Controlled cycles of cell adhesion, detachment, and reattachment are hallmark features of the migratory phenotype. Directed cell movement is required for such fundamental events as embryonic morphogenesis, injury-related tissue remodeling, inflammatory cell homing, and cancer metastasis. Although multiple microenvironmental stimuli regulate directed motility in vivo, occupation of the PAI-1 binding site in the SMB domain of VN prevents the reattachment of surface-tethered uPAR as well as integrins to VN, successfully interfering thereby with cellular reattachment to this ECM protein. Inhibition of reattachment to the VN matrix could force a switch to more stable adhesion sites by engaging integrin binding to other ECM components, thus slowing cell motility (i.e., during wound healing progression), or “redirect” migration away from a VN-rich environment (i.e., during tumor cell dissemination from a highly vascularized and VN-rich tumor microenvironment).

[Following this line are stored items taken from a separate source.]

(* Let $s,d,t$ be positive integers with $s-dt>0$, $\mathbb{F}$ a field, $\mathcal{C}$ a linear code over $\mathbb{F}$ of rate $(s-dt)/s$, and $\mathcal{L}$ a labeling of its coordinates by $[s]$ with $\Delta_{\mathcal{L}}(\mathcal{C})\ge dt+1$. Then there is a positive integer $j$ such that: (i) $\mathcal{C}$ has length $n=js$ and dimension $j(s-dt)$; (ii) $|\mathcal{L}^{-1}(\lambda)|=j$ for all $\lambda\in[s]$; (iii) after a suitable reordering of the coordinates of $\mathcal{C}$, $\mathcal{L}:[js]\to[s]$ is given by $\mathcal{L}(x)=\lceil x/j\rceil$.
   Context: A labeling is a surjection $\mathcal{L}:[n]\to[s]$, and $\mathcal{L}^{-1}(\lambda)=\{i:\mathcal{L}(i)=\lambda\}$. Labelweight: for $\mathbf{c}\in\mathbb{F}^n$, $\Delta_{\mathcal{L}}(\mathbf{c})=|\{\mathcal{L}(i): c_i\neq0\}|$; for a code $\mathcal{C}$, $\Delta_{\mathcal{L}}(\mathcal{C})=\min_{\mathbf{0}\ne\mathbf{c}\in\mathcal{C}}\Delta_{\mathcal{L}}(\mathbf{c})$. Rate of a linear code of dimension $k$ in $\mathbb{F}^n$ is $k/n$. *)

From HB Require Import structures.
From mathcomp Require Import all_boot all_order all_algebra all_fingroup.
Set Implicit Arguments. Unset Strict Implicit. Unset Printing Implicit Defensive.
Import GRing.Theory.
Local Open Scope ring_scope.

(* A labeling of the coordinates [n] (0-indexed as 'I_n) by [s] (as 'I_s). *)
Definition is_labeling (n s : nat) (L : 'I_n -> 'I_s) : Prop :=
  forall l : 'I_s, exists i : 'I_n, L i = l.

Definition labelweight (F : fieldType) (n s : nat) (L : 'I_n -> 'I_s)
  (c : 'rV[F]_n) : nat :=
  #|[set L i | i in [set i : 'I_n | c 0 i != 0]]|.

Definition labelweight_ge (F : fieldType) (n s : nat) (L : 'I_n -> 'I_s)
  (C : {vspace 'rV[F]_n}) (w : nat) : Prop :=
  forall c : 'rV[F]_n, c \in C -> c != 0 -> (w <= labelweight L c)%N.

From HB Require Import structures.
From mathcomp Require Import all_boot all_order all_algebra all_fingroup.
Set Implicit Arguments. Unset Strict Implicit. Unset Printing Implicit Defensive.
Import GRing.Theory Num.Theory.

(* Let a_l be the number of coordinates with label l and r = dt. Puncturing C
   on the coordinates carrying any r labels is injective (a nonzero codeword
   has more than r labels), so any r labels carry at most n - dim C coordinates,
   while the rate hypothesis says that n - dim C = r n / s is the average.
   Hence, for any cyclic order of the labels, each of the s windows of r
   consecutive labels carries exactly n - dim C coordinates; two consecutive
   windows differ only in their first and last labels, which can be chosen
   arbitrarily, so all a_l equal some j. Sorting the coordinates by label
   then gives the labeling x |-> x / j. *)

Lemma exists_perm_map2 (T : finType) (i i' l l' : T) :
  i != i' -> l != l' -> exists p : {perm T}, p i = l /\ p i' = l'.
Proof.
move=> ii' ll'; set x := tperm i l l'.
have xi : x != i.
  by apply: contraNneq ll' => xE; rewrite -(tpermK i l l') -/x xE tpermL.
exists (tperm i' x * tperm i l)%g; rewrite !permM tpermL tpermK.
by rewrite [tperm i' x i]tpermD ?tpermL // eq_sym.
Qed.

Lemma sum_leq_const_eq (I : finType) (N : nat) (g : I -> nat) :
  (forall i, g i <= N) -> \sum_i g i = #|I| * N -> forall i, g i = N.
Proof.
move=> le_gN sum_g i.
have : \sum_i (N - g i) + \sum_i g i = \sum_(i : I) N.
  by rewrite -big_split /=; apply: eq_bigr => k _; rewrite subnK.
rewrite sum_g sum_nat_const -[RHS]add0n => /addIn /eqP.
rewrite sum_nat_eq0 => /forallP/(_ i); rewrite subn_eq0 => le_Ng.
by apply/eqP; rewrite eqn_leq le_gN.
Qed.

Section CyclicWindows.

Variables (s r N : nat) (a : 'I_s -> nat).
Hypotheses (s_gt0 : 0 < s) (r_gt0 : 0 < r) (r_lt_s : r < s).
Hypothesis window_bound : forall S : {set 'I_s}, #|S| <= r -> \sum_(l in S) a l <= N.
Hypothesis window_mean : s * N = r * \sum_l a l.

Let cyc (f : 'I_s -> 'I_s) (m : nat) := f (Ordinal (ltn_pmod m s_gt0)).

Lemma window_sum_eq f : injective f ->
  forall i : 'I_s, \sum_(j < r) a (cyc f (i + j)) = N.
Proof.
move=> f_inj.
have window_inj (i : 'I_s) : injective (fun j : 'I_r => cyc f (i + j)).
  move=> j j' /f_inj [] /eqP; rewrite eqn_modDl !modn_small ?(ltn_trans (ltn_ord _)) //.
  by move=> /eqP /val_inj.
have shift_inj j : injective (fun i : 'I_s => cyc f (i + j)).
  by move=> i i' /f_inj [] /eqP; rewrite eqn_modDr !modn_small // => /eqP /val_inj.
apply: sum_leq_const_eq => [i|].
  rewrite -(big_imset _ (in2W (window_inj i))) /=; apply: window_bound.
  by apply: leq_trans (leq_imset_card _ _) _; rewrite card_ord.
rewrite card_ord window_mean exchange_big /= -[r in RHS]card_ord -sum_nat_const.
by apply: eq_bigr => j _; rewrite [RHS](reindex_inj (shift_inj j)).
Qed.

Lemma count_shift_eq f : injective f -> a (cyc f 0) = a (cyc f r).
Proof.
move=> f_inj; have s_gt1 : 1 < s by apply: leq_ltn_trans r_lt_s.
have := window_sum_eq f_inj (Ordinal s_gt0).
have := window_sum_eq f_inj (Ordinal s_gt1).
case: r r_gt0 => // r' _ /=.
rewrite big_ord_recr big_ord_recl /= add1n => <- /eqP.
rewrite (eq_bigr (fun i : 'I_r' => a (cyc f (1 + i)))) // addnC eqn_add2l.
by move=> /eqP.
Qed.

Lemma counts_eq l l' : a l = a l'.
Proof.
have [-> // | ll'] := eqVneq l l'.
have o0r : Ordinal (ltn_pmod 0 s_gt0) != Ordinal (ltn_pmod r s_gt0).
  by rewrite -val_eqE /= mod0n modn_small // eq_sym -lt0n.
have [p [p0 pr]] := exists_perm_map2 o0r ll'.
by have := count_shift_eq (@perm_inj _ p); rewrite /cyc p0 pr.
Qed.

End CyclicWindows.

Lemma card_preimset_sum (aT rT : finType) (f : aT -> rT) (S : {set rT}) :
  #|f @^-1: S| = \sum_(l in S) #|[set x | f x == l]|.
Proof.
rewrite -sum1_card (partition_big f (mem S)) => [|x]; last by rewrite inE.
apply: eq_bigr => l lS; rewrite -sum1_card; apply: eq_bigl => x.
by rewrite !inE; case: eqP => [->|]; rewrite ?andbF ?andbT.
Qed.

Lemma sum_card_fibers (aT rT : finType) (f : aT -> rT) :
  \sum_l #|[set x | f x == l]| = #|aT|.
Proof.
rewrite (eq_bigl (mem [set: rT])) => [|l]; last exact: esym (in_setT l).
by rewrite -card_preimset_sum preimsetT cardsT.
Qed.

Section SingletonBound.

Variables (F : fieldType) (n : nat).
Local Open Scope ring_scope.

Definition restrict_compl (T : {set 'I_n}) (c : 'rV[F]_n) :
  {ffun {i : 'I_n | i \notin T} -> F^o} := [ffun u => c 0 (val u)].

Lemma restrict_compl_is_linear T : linear (restrict_compl T).
Proof. by move=> a u v; apply/ffunP=> i; rewrite !ffunE !mxE. Qed.

HB.instance Definition _ T :=
  GRing.isLinear.Build _ _ _ _ (restrict_compl T) (restrict_compl_is_linear T).

Lemma dimv_leq_card_compl (C : {vspace 'rV[F]_n}) (T : {set 'I_n}) :
  (forall c, c \in C -> (forall i, i \notin T -> c 0 i = 0) -> c = 0) ->
  (\dim C <= #|~: T|)%N.
Proof.
move=> vanish_off_T; pose f := linfun (restrict_compl T).
have : (C :&: lker f = 0)%VS.
  apply/eqP; rewrite -subv0; apply/subvP=> c; rewrite memv_cap memv_ker memv0.
  case/andP=> cC /eqP fc0; apply/eqP/vanish_off_T => // i iT.
  have := congr1 (fun g : {ffun _ -> F^o} => g (exist _ i iT)) fc0.
  by rewrite lfunE /= !ffunE.
move/limg_dim_eq <-; apply: leq_trans (dimvS (subvf _)) _.
rewrite dimvf /dim /= card_sig muln1; apply: subset_leq_card.
by apply/subsetP=> i; rewrite !inE.
Qed.

Lemma labelweight_dimv_bound s (L : 'I_n -> 'I_s) (C : {vspace 'rV[F]_n}) w
    (S : {set 'I_s}) :
  labelweight_ge L C w -> (#|S| < w)%N -> (\dim C <= #|~: (L @^-1: S)|)%N.
Proof.
move=> C_lw S_small; apply: dimv_leq_card_compl => c cC c_off.
apply/eqP; apply: contraTT S_small => c_neq0; rewrite -leqNgt.
apply: leq_trans (C_lw c cC c_neq0) _; apply: subset_leq_card.
apply/subsetP=> l /imsetP[i]; rewrite inE => ci ->.
by apply: contraR ci => LiS; rewrite c_off ?inE ?eqxx.
Qed.

Lemma labelweight_fibers_bound s (L : 'I_n -> 'I_s) (C : {vspace 'rV[F]_n}) w
    (S : {set 'I_s}) :
  labelweight_ge L C w.+1 -> (#|S| <= w)%N ->
  (\sum_(l in S) #|[set i | L i == l]| <= n - \dim C)%N.
Proof.
move=> C_lw S_le_w; have := labelweight_dimv_bound C_lw (S_le_w : (#|S| < w.+1)%N).
rewrite -card_preimset_sum => dim_le.
by rewrite -[n in (n - _)%N](card_ord n) -(cardsC (L @^-1: S)) -addnBA // leq_addr.
Qed.

End SingletonBound.

Lemma rate_eq_nat (R : numFieldType) (k n s m : nat) : 0 < s -> 0 < m ->
  (k%:R / n%:R = m%:R / s%:R :> R)%R -> 0 < n /\ k * s = m * n.
Proof.
move=> s_gt0 m_gt0 rate.
have n_gt0 : 0 < n.
  case: n rate => // /esym/eqP; rewrite invr0 mulr0 mulf_eq0 invr_eq0.
  by rewrite !pnatr_eq0 !eqn0Ngt s_gt0 m_gt0.
split=> //; apply/eqP; rewrite -(eqr_nat R) !natrM; apply/eqP.
have nz x : 0 < x -> (x%:R : R)%R != 0%R by rewrite pnatr_eq0 -lt0n.
move: rate => /(congr1 (fun y => y * n%:R * s%:R)%R).
by rewrite mulfVK ?nz // -mulrA (mulrC n%:R%R) mulrA mulfVK ?nz.
Qed.

Lemma equal_fibers_sort_perm n s j (L : 'I_n -> 'I_s) :
  0 < j -> n = j * s -> (forall l, #|[set i | L i == l]| = j) ->
  exists sigma : 'S_n, forall x, nat_of_ord (L (sigma x)) = x %/ j.
Proof.
move=> j_gt0 nE fiber_j.
have block_lt (x : 'I_n) : x %/ j < s by rewrite ltn_divLR // mulnC -nE.
pose block x := Ordinal (block_lt x).
pose fiber x := enum [set i | L i == block x].
have size_fiber x : size (fiber x) = j by rewrite -cardE fiber_j.
have mod_lt (x : 'I_n) : x %% j < size (fiber x) by rewrite size_fiber ltn_mod.
pose g (x : 'I_n) := nth x (fiber x) (x %% j).
have L_g (x : 'I_n) : L (g x) = block x.
  by have := mem_nth x (mod_lt x); rewrite mem_enum inE => /eqP.
have g_inj : injective g.
  move=> x y gxy; have block_xy : block x = block y by rewrite -L_g gxy L_g.
  have fiber_xy : fiber x = fiber y by rewrite /fiber block_xy.
  move: gxy; rewrite /g (set_nth_default y _ (mod_lt x)) fiber_xy => /eqP.
  rewrite nth_uniq ?enum_uniq ?size_fiber ?ltn_mod // => /eqP mod_xy.
  apply: val_inj; rewrite /= (divn_eq x j) (divn_eq y j) mod_xy.
  by have /= -> := congr1 val block_xy.
by exists (perm g_inj) => x; rewrite permE L_g.
Qed.

Theorem mainTheorem4 (s d t : nat) (F : fieldType) (n : nat)
  (C : {vspace 'rV[F]_n}) (L : 'I_n -> 'I_s) :
  (0 < s)%N -> (0 < d)%N -> (0 < t)%N -> (0 < s - d * t)%N ->
  ((\dim C)%:R / n%:R = (s - d * t)%:R / s%:R :> rat)%R ->
  is_labeling L ->
  labelweight_ge L C (d * t).+1 ->
  exists j : nat, [/\ (0 < j)%N,
    n = (j * s)%N /\ \dim C = (j * (s - d * t))%N,
    (forall l : 'I_s, #|[set i : 'I_n | L i == l]| = j) &
    exists sigma : 'S_n, forall x : 'I_n, nat_of_ord (L (sigma x)) = (x %/ j)%N].
Proof.
move=> s_gt0 d_gt0 t_gt0 sr_gt0 rate L_onto C_lw.
have [_ dim_rate] := rate_eq_nat s_gt0 sr_gt0 rate.
set r := d * t in sr_gt0 dim_rate C_lw *.
have r_gt0 : 0 < r by rewrite muln_gt0 d_gt0 t_gt0.
have r_lt_s : r < s by rewrite -subn_gt0.
pose a l := #|[set i : 'I_n | L i == l]|.
have sum_a : \sum_l a l = n by rewrite sum_card_fibers card_ord.
have window := labelweight_fibers_bound C_lw.
have mean : s * (n - \dim C) = r * \sum_l a l.
  by rewrite sum_a mulnBr [s * \dim C]mulnC dim_rate -mulnBl subKn // ltnW.
pose j := a (Ordinal s_gt0).
have a_j l : a l = j := counts_eq s_gt0 r_gt0 r_lt_s window mean l _.
have nE : n = j * s.
  by rewrite -sum_a (eq_bigr (fun=> j)) // sum_nat_const card_ord mulnC.
have j_gt0 : 0 < j.
  by have [i Li] := L_onto (Ordinal s_gt0); apply/card_gt0P; exists i; rewrite inE Li.
exists j; split=> //; last exact: equal_fibers_sort_perm.
split=> //; apply/eqP; rewrite -(eqn_pmul2r s_gt0) dim_rate nE.
by rewrite mulnA (mulnC (s - r)).
Qed.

In a sequence of elegant experiments, Providence et al. (2008) confirmed the actual fate of pericellular PAI-1 during cell locomotion in the presence of VN (Providence et al. 2008). Using a quantifiable scratch wound healing assay in vitro, PAI-1 deposition into human keratinocyte migration trails was imaged using a PAI-1/GFP chimeric protein as a “reporter”. PAI-1-directed cell migration into the “wound” site was reduced upon addition of a function-neutralizing antibody to PAI-1. Inhibiting the formation of PAI-1:uPA:uPAR:integrin complexes or preventing the complex binding to LRP-1 similarly attenuated cell motility (Providence et al. 2008). Since uPAR and integrins are inactivated in this process, it appears that LRP-1 is the potential signaling receptor involved in PAI-1 dependent cell motility.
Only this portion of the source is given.